Anyway, that did for Savoy Palace. What was left of it was finally converted into a hospital, during the reign of Henry VII, and even that didn’t work out too well. By the end of the 16th century, the Recorder of London was complaining to Elizabeth the 1st’s enforcer Lord Burghley that Savoy Hospital was the ‘chief nursery of evil men’ because criminals claimed sanctuary here from the law. They were taking advantage of ‘The Liberty of the Savoy’, a strange anomaly whereby criminals pursued in London could claim that, because the Savoy territory belonged to the Duke of Lancaster, agents of the Crown had no power over them whilst they stayed within its bounds, a bizarre arrangement that persisted into the 19th century. By that time the whole area was in ruins, and what was left was finally cleared to make way for the approach road to Waterloo Bridge in 1816. The only part of the old Savoy complex that remains is Savoy Chapel, a solemn Tudor fragment adrift amidst the bulk of anonymous offices. I don’t know whether Oscar and Bosie ever came here to inspect ‘the grey twilight of Gothic things’, it’s more likely that they were too busy hustling rent boys into Wilde’s suite at the Savoy Hotel,* but this alley has one bona fide claim on modern culture. It was here, alongside the ancient wall of Savoy Chapel, that the 26-year old Bob Dylan – staying at the Savoy Hotel during his famous ‘electric’ 1965 UK tour – telegraphed Subterranean Homesick Blues for D.A. Pennebaker’s camera. Allen Ginsberg and legendary record producer Tom Wilson can be seen loitering in back of shot, unaware that they are witnessing the birth of a pop culture meme.
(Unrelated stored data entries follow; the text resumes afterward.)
Lemma survivors_keep_front0 n N (R Pn : seq (bitstring n)) (i : 'I_(size R)) :
  4 * (n + 1) <= N -> nsga_survivors N R Pn -> i \in front (objv R) 0 ->
  exists2 y, y \in Pn & lotz y = lotz (nth (bs0 n) R i).
Proof.
move=> hN [k [_ [_ [s1 [s2 [sorting1 [sorting2 [T [sub_T [card_T [cd_T perm_Pn]]]]]]]]]]] i_front.
have {perm_Pn} survives b :
    b \in (\bigcup_(j < k) front (objv R) j) :|: T -> nth (bs0 n) R b \in Pn.
  by move=> hb; rewrite (perm_mem perm_Pn); apply: map_f; rewrite mem_enum.
case: k => [|k] in sorting1 sorting2 sub_T card_T cd_T survives *; last first.
  exists (nth (bs0 n) R i) => //; apply/survives/setUP; left.
  by apply/bigcupP; exists ord0.
rewrite /cum big_ord0 cards0 subn0 in card_T.
have [a [a_front ea a_pos]] := exists_cd_pos_eq sorting1 sorting2 (erefl _) i_front.
have [aT|aT] := boolP (a \in T).
  by exists (nth (bs0 n) R a); [apply/survives; rewrite big_ord0 set0U | apply: ea].
have sub : a |: T \subset [set b in front (objv R) 0 | cd_pos (cdist (objv R) s1 s2 b)].
  apply/subsetP => b; rewrite in_setU1 inE => /orP[/eqP->|bT]; first by rewrite a_front.
  by rewrite (subsetP sub_T) //= (cd_pos_le (cd_T b a bT _) a_pos) // inE aT.
have := card_cd_pos_le (@objv_sum_le n R) sorting1 sorting2.
by move: (subset_leq_card sub); rewrite cardsU1 aT card_T; lia.
Qed.

Lemma max_sum_in_front0 m (fv : 'I_m -> nat * nat) i :
  (forall j, (fv j).1 + (fv j).2 <= (fv i).1 + (fv i).2) -> i \in front fv 0.
Proof.
move=> sum_le; rewrite !inE; apply/forallP => j; apply/implyP => _.
by have := sum_le j; rewrite /sdom; lia.
Qed.

Lemma survivors_keep_optimal n N (R Pn : seq (bitstring n)) k (x : bitstring n) :
  4 * (n + 1) <= N -> nsga_survivors N R Pn -> k <= n -> x \in R -> lotz x = (k, n - k) ->
  exists2 y, y \in Pn & lotz y = (k, n - k).
Proof.
move=> hN surv le_kn xR fx.
pose i := Ordinal (etrans (index_mem x R) xR).
have fi : objv R i = (k, n - k) by rewrite /objv nth_index.
have [|y yPn fy] := survivors_keep_front0 hN surv (i := i).
  by apply: max_sum_in_front0 => j; have := objv_sum_le j; rewrite fi /=; lia.
by exists y; rewrite // fy -fi.
Qed.

Theorem lemma7 (n N : nat) (hN : (4 * (n + 1) <= N)%N) :
  (forall P Q Pn : seq (bitstring n), nsga_step N P Q Pn ->
     forall i : 'I_(size (P ++ Q)), i \in front (objv (P ++ Q)) 0 ->
       exists2 y, y \in Pn & lotz y = lotz (nth (bs0 n) (P ++ Q) i))
  /\
  (forall (pop off : nat -> seq (bitstring n)),
     (forall t, nsga_step N (pop t) (off t) (pop t.+1)) ->
     forall (t k : nat), (k <= n)%N ->
       (exists2 x, x \in pop t & lotz x = (k, n - k)) ->
       forall s, (t <= s)%N -> exists2 y, y \in pop s & lotz y = (k, n - k)).
Proof.
split=> [P Q Pn [_ [_ surv]] i|pop off step t k le_kn opt_t s /subnKC <-].
  exact: survivors_keep_front0 hN surv.
elim: (s - t) => [|d [y y_pop fy]]; first by rewrite addn0.
have [_ [_ surv]] := step (t + d).
by rewrite addnS; apply: survivors_keep_optimal hN surv le_kn _ fy; rewrite mem_cat y_pop.
Qed.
(* The ‘Gothic’ quote is from the ‘Hyacinth letter’ from Wilde to Douglas. This letter, and details of the goings on in his rooms at the Savoy, came up in court during Wilde’s legal suit against Queensberry in 1895. At Wilde’s committal, the magistrate observed:‘I know nothing about the Savoy, but I must say that in my view chicken and salad for two at sixteen shillings is very high. I am afraid I will never supper there myself.’ In an early draft of The Importance of Being Earnest, a solicitor arrives to remove Algernon to Holloway Prison for non-payment of restaurant bills at the Savoy, whereupon Algie retorts: ‘I am not going to be imprisoned in the suburbs for dining in the West End. It is ridiculous.’ With irony that he must have appreciated but can hardly have enjoyed, Wilde was held on remand at Holloway whilst awaiting his first trial.)